**Task item**
Each record must be printed again exactly as given.
--*--
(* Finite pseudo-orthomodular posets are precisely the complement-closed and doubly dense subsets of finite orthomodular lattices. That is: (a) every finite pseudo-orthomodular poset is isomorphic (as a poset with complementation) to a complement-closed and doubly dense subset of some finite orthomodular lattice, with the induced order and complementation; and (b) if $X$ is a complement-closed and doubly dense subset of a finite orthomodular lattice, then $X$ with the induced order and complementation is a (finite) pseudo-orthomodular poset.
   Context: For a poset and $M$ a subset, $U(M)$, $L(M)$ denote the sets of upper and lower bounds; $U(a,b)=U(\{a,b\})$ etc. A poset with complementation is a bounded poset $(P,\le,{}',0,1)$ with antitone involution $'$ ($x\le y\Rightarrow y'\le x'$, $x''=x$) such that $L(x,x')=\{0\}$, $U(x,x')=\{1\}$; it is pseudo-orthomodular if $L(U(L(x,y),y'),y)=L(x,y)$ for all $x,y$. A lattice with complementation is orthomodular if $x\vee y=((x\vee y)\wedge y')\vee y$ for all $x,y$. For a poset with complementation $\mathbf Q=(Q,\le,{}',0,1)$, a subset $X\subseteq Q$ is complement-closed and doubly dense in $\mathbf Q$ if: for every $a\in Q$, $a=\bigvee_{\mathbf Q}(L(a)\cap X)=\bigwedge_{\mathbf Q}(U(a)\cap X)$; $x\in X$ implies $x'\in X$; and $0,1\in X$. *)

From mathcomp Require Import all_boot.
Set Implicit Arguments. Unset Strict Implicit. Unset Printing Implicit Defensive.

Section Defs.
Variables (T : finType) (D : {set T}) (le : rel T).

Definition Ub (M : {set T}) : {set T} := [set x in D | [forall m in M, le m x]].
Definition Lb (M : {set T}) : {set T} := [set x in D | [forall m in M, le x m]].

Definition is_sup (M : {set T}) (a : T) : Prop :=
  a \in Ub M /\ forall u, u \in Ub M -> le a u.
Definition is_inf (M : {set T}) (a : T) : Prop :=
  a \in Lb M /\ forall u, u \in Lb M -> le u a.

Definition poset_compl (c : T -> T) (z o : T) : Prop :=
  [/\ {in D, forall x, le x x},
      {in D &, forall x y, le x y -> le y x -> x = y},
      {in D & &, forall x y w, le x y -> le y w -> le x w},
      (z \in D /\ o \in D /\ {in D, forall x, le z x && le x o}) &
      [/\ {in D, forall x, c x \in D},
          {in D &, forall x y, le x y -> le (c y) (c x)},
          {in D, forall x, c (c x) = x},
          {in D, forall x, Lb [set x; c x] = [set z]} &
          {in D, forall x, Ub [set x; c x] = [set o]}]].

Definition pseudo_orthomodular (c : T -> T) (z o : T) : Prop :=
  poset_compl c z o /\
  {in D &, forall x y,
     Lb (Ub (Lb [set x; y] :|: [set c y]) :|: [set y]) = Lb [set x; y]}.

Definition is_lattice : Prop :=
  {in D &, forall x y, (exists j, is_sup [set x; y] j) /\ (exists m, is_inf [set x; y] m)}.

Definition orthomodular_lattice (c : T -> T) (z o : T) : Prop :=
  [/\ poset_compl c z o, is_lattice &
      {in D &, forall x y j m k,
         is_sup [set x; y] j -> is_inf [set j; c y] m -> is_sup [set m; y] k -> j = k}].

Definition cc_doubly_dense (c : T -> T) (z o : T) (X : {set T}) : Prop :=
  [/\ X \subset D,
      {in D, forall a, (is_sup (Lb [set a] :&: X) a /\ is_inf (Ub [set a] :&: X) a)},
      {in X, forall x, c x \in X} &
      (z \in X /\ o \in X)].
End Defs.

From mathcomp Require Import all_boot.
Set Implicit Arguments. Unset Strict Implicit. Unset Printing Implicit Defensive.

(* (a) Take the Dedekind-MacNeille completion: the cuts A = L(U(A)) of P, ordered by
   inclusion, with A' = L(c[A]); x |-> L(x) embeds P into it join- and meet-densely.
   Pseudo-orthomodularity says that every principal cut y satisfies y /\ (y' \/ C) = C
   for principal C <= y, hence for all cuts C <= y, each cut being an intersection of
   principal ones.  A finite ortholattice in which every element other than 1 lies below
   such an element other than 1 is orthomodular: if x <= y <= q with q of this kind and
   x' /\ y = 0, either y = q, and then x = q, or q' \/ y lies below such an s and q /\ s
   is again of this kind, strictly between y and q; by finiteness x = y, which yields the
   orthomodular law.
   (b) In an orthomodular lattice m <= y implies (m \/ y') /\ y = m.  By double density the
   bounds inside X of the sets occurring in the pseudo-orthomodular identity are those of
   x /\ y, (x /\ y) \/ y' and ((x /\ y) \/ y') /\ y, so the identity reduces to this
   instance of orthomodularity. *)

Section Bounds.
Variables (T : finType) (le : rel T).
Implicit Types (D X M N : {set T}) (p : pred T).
--*--
**Written response**
(* Finite pseudo-orthomodular posets are precisely the complement-closed and doubly dense subsets of finite orthomodular lattices. That is: (a) every finite pseudo-orthomodular poset is isomorphic (as a poset with complementation) to a complement-closed and doubly dense subset of some finite orthomodular lattice, with the induced order and complementation; and (b) if $X$ is a complement-closed and doubly dense subset of a finite orthomodular lattice, then $X$ with the induced order and complementation is a (finite) pseudo-orthomodular poset.
   Context: For a poset and $M$ a subset, $U(M)$, $L(M)$ denote the sets of upper and lower bounds; $U(a,b)=U(\{a,b\})$ etc. A poset with complementation is a bounded poset $(P,\le,{}',0,1)$ with antitone involution $'$ ($x\le y\Rightarrow y'\le x'$, $x''=x$) such that $L(x,x')=\{0\}$, $U(x,x')=\{1\}$; it is pseudo-orthomodular if $L(U(L(x,y),y'),y)=L(x,y)$ for all $x,y$. A lattice with complementation is orthomodular if $x\vee y=((x\vee y)\wedge y')\vee y$ for all $x,y$. For a poset with complementation $\mathbf Q=(Q,\le,{}',0,1)$, a subset $X\subseteq Q$ is complement-closed and doubly dense in $\mathbf Q$ if: for every $a\in Q$, $a=\bigvee_{\mathbf Q}(L(a)\cap X)=\bigwedge_{\mathbf Q}(U(a)\cap X)$; $x\in X$ implies $x'\in X$; and $0,1\in X$. *)

From mathcomp Require Import all_boot.
Set Implicit Arguments. Unset Strict Implicit. Unset Printing Implicit Defensive.

Section Defs.
Variables (T : finType) (D : {set T}) (le : rel T).

Definition Ub (M : {set T}) : {set T} := [set x in D | [forall m in M, le m x]].
Definition Lb (M : {set T}) : {set T} := [set x in D | [forall m in M, le x m]].

Definition is_sup (M : {set T}) (a : T) : Prop :=
  a \in Ub M /\ forall u, u \in Ub M -> le a u.
Definition is_inf (M : {set T}) (a : T) : Prop :=
  a \in Lb M /\ forall u, u \in Lb M -> le u a.

Definition poset_compl (c : T -> T) (z o : T) : Prop :=
  [/\ {in D, forall x, le x x},
      {in D &, forall x y, le x y -> le y x -> x = y},
      {in D & &, forall x y w, le x y -> le y w -> le x w},
      (z \in D /\ o \in D /\ {in D, forall x, le z x && le x o}) &
      [/\ {in D, forall x, c x \in D},
          {in D &, forall x y, le x y -> le (c y) (c x)},
          {in D, forall x, c (c x) = x},
          {in D, forall x, Lb [set x; c x] = [set z]} &
          {in D, forall x, Ub [set x; c x] = [set o]}]].

Definition pseudo_orthomodular (c : T -> T) (z o : T) : Prop :=
  poset_compl c z o /\
  {in D &, forall x y,
     Lb (Ub (Lb [set x; y] :|: [set c y]) :|: [set y]) = Lb [set x; y]}.

Definition is_lattice : Prop :=
  {in D &, forall x y, (exists j, is_sup [set x; y] j) /\ (exists m, is_inf [set x; y] m)}.

Definition orthomodular_lattice (c : T -> T) (z o : T) : Prop :=
  [/\ poset_compl c z o, is_lattice &
      {in D &, forall x y j m k,
         is_sup [set x; y] j -> is_inf [set j; c y] m -> is_sup [set m; y] k -> j = k}].

Definition cc_doubly_dense (c : T -> T) (z o : T) (X : {set T}) : Prop :=
  [/\ X \subset D,
      {in D, forall a, (is_sup (Lb [set a] :&: X) a /\ is_inf (Ub [set a] :&: X) a)},
      {in X, forall x, c x \in X} &
      (z \in X /\ o \in X)].
End Defs.

From mathcomp Require Import all_boot.
Set Implicit Arguments. Unset Strict Implicit. Unset Printing Implicit Defensive.

(* (a) Take the Dedekind-MacNeille completion: the cuts A = L(U(A)) of P, ordered by
   inclusion, with A' = L(c[A]); x |-> L(x) embeds P into it join- and meet-densely.
   Pseudo-orthomodularity says that every principal cut y satisfies y /\ (y' \/ C) = C
   for principal C <= y, hence for all cuts C <= y, each cut being an intersection of
   principal ones.  A finite ortholattice in which every element other than 1 lies below
   such an element other than 1 is orthomodular: if x <= y <= q with q of this kind and
   x' /\ y = 0, either y = q, and then x = q, or q' \/ y lies below such an s and q /\ s
   is again of this kind, strictly between y and q; by finiteness x = y, which yields the
   orthomodular law.
   (b) In an orthomodular lattice m <= y implies (m \/ y') /\ y = m.  By double density the
   bounds inside X of the sets occurring in the pseudo-orthomodular identity are those of
   x /\ y, (x /\ y) \/ y' and ((x /\ y) \/ y') /\ y, so the identity reduces to this
   instance of orthomodularity. *)

Section Bounds.
Variables (T : finType) (le : rel T).
Implicit Types (D X M N : {set T}) (p : pred T).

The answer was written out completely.